▶ _WHAT THE EXERCISE ASKS_
The required output is all lines below that contain the word "Arguments".

▶ _RECORDS FOR THE EXERCISE_
(* Let $n>k$ be positive integers and $\ell$ an integer with $0\le\ell\le k-1$. Then $n_{\ge 0}(G(n,k,\{\ell\}))\le n$.
   Context: For positive integers $n>k$ and $L\subseteq\{0,1,\dots,k-1\}$, the generalized Johnson graph $G(n,k,L)$ has vertex set $\binom{[n]}{k}$, with $A,B$ adjacent if and only if $|A\cap B|\notin L$. A weighted adjacency matrix of a graph $G=(V,E)$ is a Hermitian matrix indexed by $V$ with $A_{ij}\neq0$ only if $ij\in E$. For a Hermitian matrix $X$, $n_{\ge0}(X)$ is its number of nonnegative eigenvalues (with multiplicity), and $n_{\ge0}(G)$ is the minimum of $n_{\ge0}(A)$ over all weighted adjacency matrices $A$ of $G$. *)

From HB Require Import structures.
From mathcomp Require Import all_boot all_order all_algebra.
Set Implicit Arguments. Unset Strict Implicit. Unset Printing Implicit Defensive.
Import Order.TTheory GRing.Theory Num.Theory.
Local Open Scope ring_scope.

Definition ksubset (n k : nat) := {A : {set 'I_n} | #|A| == k}.

Definition johnson_adj (n k : nat) (L : pred nat) (A B : ksubset n k) : bool :=
  (A != B) && ~~ L #|val A :&: val B|.

(* Matrices indexed by a finite vertex type V are 'M_#|V|, row/column i
   corresponding to vertex enum_val i. *)
Definition hermitian (C : numClosedFieldType) (m : nat) (X : 'M[C]_m) : Prop :=
  forall i j, X j i = (X i j)^*.

Definition weighted_adjacency (C : numClosedFieldType) (V : finType)
    (adj : rel V) (X : 'M[C]_#|V|) : Prop :=
  hermitian X /\ forall i j, X i j != 0 -> adj (enum_val i) (enum_val j).

Definition eigenvalues (C : numClosedFieldType) (m : nat) (X : 'M[C]_m) : seq C :=
  sval (closed_field_poly_normal (char_poly X)).

Definition n_ge0 (C : numClosedFieldType) (m : nat) (X : 'M[C]_m) : nat :=
  count (fun z => 0 <= z) (eigenvalues X).

From Pilot Require Import Defs.
From HB Require Import structures.
From mathcomp Require Import all_boot all_order all_algebra.
From mathcomp Require Import sesquilinear spectral.
Set Implicit Arguments.
Unset Strict Implicit.
Unset Printing Implicit Defensive.
Import Order.TTheory GRing.Theory Num.Theory.
Local Open Scope ring_scope.
Local Open Scope sesquilinear_scope.

(* Let [S_1, ..., S_m] be the k-subsets of [n] and [M] their m x n incidence
   matrix.  The matrix [Y = M M^T - l J - (k - l) I] has entries
   [|S_i :&: S_j| - l] off the diagonal and [0] on it, so it is a weighted
   adjacency matrix of G(n,k,{l}).  On the left kernel of [M], a subspace of
   codimension at most n, the form of [Y] is
   [x Y x^* = - l |x 1|^2 - (k - l) |x|^2 < 0].  A subspace on which the form
   is nonnegative thus meets it trivially, so the span of the eigenvectors
   with nonnegative eigenvalue has dimension at most n. *)

Lemma char_poly_similar (R : comUnitRingType) n (P A : 'M[R]_n) :
  P \in unitmx -> char_poly (invmx P *m A *m P) = char_poly A.
Proof.
move=> Pu; rewrite /char_poly /char_poly_mx.
have -> : 'X%:M - map_mx polyC (invmx P *m A *m P) =
   map_mx polyC (invmx P) *m ('X%:M - map_mx polyC A) *m map_mx polyC P.
  rewrite mulmxBr mulmxBl !map_mxM; congr (_ - _).
  by rewrite mul_mx_scalar -scalemxAl -map_mxM mulVmx // map_mx1 scalemx1.
rewrite !det_mulmx !det_map_mx mulrC mulrA -rmorphM -det_mulmx mulmxV //.
by rewrite det1 rmorph1 mul1r.
Qed.

Lemma eigenvalues_similar_diag (C : numClosedFieldType) m (P : 'M[C]_m)
    (d : 'rV[C]_m) :
  P \in unitmx ->
  perm_eq (eigenvalues (invmx P *m diag_mx d *m P))
          [seq d 0 i | i <- enum 'I_m].
Proof.
move=> Pu; rewrite /eigenvalues; case: closed_field_poly_normal => s /= s_roots.
set Y := invmx P *m diag_mx d *m P in s_roots *.
apply: prod_XsubC_eq; rewrite -[LHS]scale1r -(monicP (char_poly_monic Y)).
rewrite -s_roots char_poly_similar //.
rewrite char_poly_trig ?is_diag_mx_is_trig ?diag_mx_is_diag //.
by rewrite big_map big_enum /=; apply: eq_bigr => i _; rewrite mxE eqxx mulr1n.
Qed.

Lemma n_ge0_hermsymmx (C : numClosedFieldType) m (Y : 'M[C]_m) :
  Y \is hermsymmx -> n_ge0 Y = #|[set i | 0 <= spectral_diag Y 0 i]|.
Proof.
move=> /hermitian_normalmx /orthomx_spectralP Y_spectral.
have := eigenvalues_similar_diag (spectral_diag Y) (spectral_unit Y).
rewrite -Y_spectral /n_ge0 => /permP ->.
rewrite count_map -sum1_card -sum1_count big_enum_cond /=.
by apply: eq_bigl => i; rewrite inE.
Qed.

Lemma mxsub_diag (R : pzRingType) m s (f : 'I_s -> 'I_m) (d : 'rV[R]_m) :
  injective f -> mxsub f f (diag_mx d) = diag_mx (colsub f d).
Proof. by move=> f_inj; apply/matrixP => i j; rewrite !mxE (inj_eq f_inj). Qed.

Lemma rowsub_unitarymx (C : numClosedFieldType) m n s (f : 'I_s -> 'I_m)
    (P : 'M[C]_(m, n)) :
  injective f -> P \is unitarymx -> rowsub f P \is unitarymx.
Proof.
move=> f_inj /unitarymxP PP; apply/unitarymxP.
rewrite trmx_mxsub map_mxsub -mxsub_mul PP -diag_const_mx mxsub_diag //.
by rewrite mxsub_const diag_const_mx.
Qed.

Lemma rowsub_unitary_conj_diag (C : numClosedFieldType) m s (f : 'I_s -> 'I_m)
    (P : 'M[C]_m) (d : 'rV[C]_m) :
  injective f -> P \is unitarymx ->
  rowsub f P *m (P^t* *m diag_mx d *m P) *m (rowsub f P)^t* =
  diag_mx (colsub f d).
Proof.
move=> f_inj /unitarymxP PP.
rewrite !mulmxA mul_rowsub_mx PP -!mulmxA trmx_mxsub map_mxsub mulmx_colsub PP.
by rewrite mulmxA mul_rowsub_mx mul1mx -mxsub_mul mulmx1 mxsub_diag.
Qed.

Lemma diag_form_ge0 (C : numClosedFieldType) m (e w : 'rV[C]_m) :
  (forall i, 0 <= e 0 i) -> 0 <= (w *m diag_mx e *m w^t*) 0 0.
Proof.
move=> e_ge0; rewrite mul_mx_diag mxE sumr_ge0 // => i _.
by rewrite !mxE mulrAC mulr_ge0 ?mul_conjC_ge0.
Qed.

Lemma exists_nonzero_mul_eq0 (F : fieldType) m p (A : 'M[F]_(m, p)) :
  (p < m)%N -> exists2 v : 'rV_m, v != 0 & v *m A = 0.
Proof.
move=> lt_pm; have : kermx A != 0.
  rewrite kermx_eq0 /row_free; apply: contraTneq lt_pm => <-.
  by rewrite -leqNgt rank_leq_col.
by case/rowV0Pn => v /sub_kermxP vA v_neq0; exists v.
Qed.

Lemma n_ge0_le_kernel_negdef (C : numClosedFieldType) m p (Y : 'M[C]_m)
    (M : 'M[C]_(m, p)) :
  Y \is hermsymmx ->
  (forall x : 'rV_m, x != 0 -> x *m M = 0 -> (x *m Y *m x^t*) 0 0 < 0) ->
  (n_ge0 Y <= p)%N.
Proof.
move=> Y_herm Y_neg; rewrite n_ge0_hermsymmx //.
set I := [set i | _]; rewrite leqNgt; apply/negP => lt_pI.
pose P := spectralmx Y; pose d := spectral_diag Y.
have P_unitary : P \is unitarymx := spectral_unitarymx Y.
have Y_spectral : Y = P^t* *m diag_mx d *m P.
  by rewrite -invmx_unitary //; apply/orthomx_spectralP/hermitian_normalmx.
pose B := rowsub (@enum_val _ (mem I)) P.
have B_free : row_free B.
  rewrite /row_free mxrank_unitary // rowsub_unitarymx //.
  exact: enum_val_inj.
have [w w_neq0 wBM] := exists_nonzero_mul_eq0 (B *m M) lt_pI.
have wB_neq0 : w *m B != 0 by rewrite mulmx_free_eq0.
have wB_ker : w *m B *m M = 0 by rewrite -mulmxA.
have := Y_neg _ wB_neq0 wB_ker.
have -> : w *m B *m Y *m (w *m B)^t* = w *m (B *m Y *m B^t*) *m w^t*.
  by rewrite trmx_mul map_mxM !mulmxA.
rewrite Y_spectral rowsub_unitary_conj_diag //; last exact: enum_val_inj.
have form_ge0 : 0 <= (w *m diag_mx (colsub enum_val d) *m w^t*) 0 0.
  by apply: diag_form_ge0 => i; rewrite mxE; have := enum_valP i; rewrite inE.
by move/lt_geF; rewrite form_ge0.
Qed.

Lemma hermitian_hermsymmx (C : numClosedFieldType) m (X : 'M[C]_m) :
  Defs.hermitian X -> X \is hermsymmx.
Proof.
move=> X_herm; rewrite qualifE /= expr0 scale1r; apply/eqP/matrixP => i j.
by rewrite !mxE X_herm conjCK.
Qed.

Section IntersectionMatrix.

Variables (C : numClosedFieldType) (m n k l : nat) (S : 'I_m -> {set 'I_n}).
Hypotheses (card_S : forall i, #|S i| = k) (l_lt_k : (l < k)%N).

Definition incidence_mx : 'M[C]_(m, n) := \matrix_(i, a) (a \in S i)%:R.

Definition intersection_mx : 'M[C]_m :=
  \matrix_(i, j) (#|S i :&: S j|%:R - l%:R - (i == j)%:R * (k - l)%:R).

Lemma intersection_mxE :
  intersection_mx =
  incidence_mx *m incidence_mx^T - l%:R *: const_mx 1 - (k - l)%:R%:M.
Proof.
apply/matrixP => i j; rewrite !mxE mulr1 mulr_natl; congr (_ - _ - _).
rewrite -sum1_card natr_sum big_mkcond /=; apply: eq_bigr => a _.
by rewrite !mxE inE; case: (a \in S i); case: (a \in S j);
  rewrite ?mulr1 ?mulr0.
Qed.

Lemma intersection_mx_hermitian : Defs.hermitian intersection_mx.
Proof.
move=> i j; rewrite !mxE !rmorphB rmorphM /= !conjC_nat setIC eq_sym.
by case: (j == i).
Qed.

Lemma intersection_mx_neq0 i j :
  intersection_mx i j != 0 -> (i != j) && (#|S i :&: S j| != l).
Proof.
rewrite mxE; have [->|ij] := eqVneq i j.
  by rewrite setIid card_S mul1r natrB 1?ltnW // subrr eqxx.
by rewrite mul0r subr0; apply: contraNN => /eqP ->; rewrite subrr.
Qed.

Lemma intersection_mx_form_lt0 (x : 'rV[C]_m) :
  x != 0 -> x *m incidence_mx = 0 -> (x *m intersection_mx *m x^t*) 0 0 < 0.
Proof.
move=> x_neq0 xM.
have J_form_ge0 : 0 <= (x *m const_mx 1 *m x^t*) 0 0.
  suff -> : (x *m const_mx 1 *m x^t*) 0 0 = (\sum_i x 0 i) * (\sum_i x 0 i)^*.
    exact: mul_conjC_ge0.
  rewrite mxE rmorph_sum mulr_sumr; apply: eq_bigr => j _.
  by rewrite !mxE; congr (_ * _); apply: eq_bigr => i _; rewrite mxE mulr1.
have norm_gt0 : 0 < (x *m x^t*) 0 0 by rewrite -dotmxE; exact: dotmx_is_dotmx.
rewrite intersection_mxE !mulmxBr !mulmxBl mulmxA xM !mul0mx -scalemxAr.
rewrite -scalemxAl mul_mx_scalar -scalemxAl.
move: J_form_ge0 norm_gt0.
move: (x *m const_mx 1 *m x^t*) (x *m x^t*) => J N J_ge0 N_gt0.
rewrite !mxE sub0r -opprD oppr_lt0 ltr_wpDl ?mulr_ge0 ?ler0n //.
by rewrite mulr_gt0 // ltr0n subn_gt0.
Qed.

End IntersectionMatrix.

Theorem proposition3p4 (C : numClosedFieldType) (n k l : nat) :
  (0 < k)%N -> (k < n)%N -> (l <= k - 1)%N ->
  exists X : 'M[C]_#|{: ksubset n k}|,
    weighted_adjacency (@johnson_adj n k (pred1 l)) X /\ (n_ge0 X <= n)%N.
Proof.
move=> k_gt0 _ l_le; have l_lt_k : (l < k)%N.
  by rewrite (leq_ltn_trans l_le) // subn1 ltn_predL.
pose S (i : 'I_#|{: ksubset n k}|) := val (enum_val i).
have card_S i : #|S i| = k by apply/eqP; exact: (valP (enum_val i)).
exists (intersection_mx C k l S); split; first split.
- exact: intersection_mx_hermitian.
- move=> i j /(intersection_mx_neq0 card_S l_lt_k) /andP[ij Sij].
  by rewrite /johnson_adj (inj_eq enum_val_inj) ij.
- apply: (n_ge0_le_kernel_negdef (M := incidence_mx C S)).
    exact/hermitian_hermsymmx/intersection_mx_hermitian.
  exact: intersection_mx_form_lt0.
Qed.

▶ _ANSWER TO THIS PROBLEM_
Set Implicit Arguments. Unset Strict Implicit. Unset Printing Implicit Defensive.
Set Implicit Arguments.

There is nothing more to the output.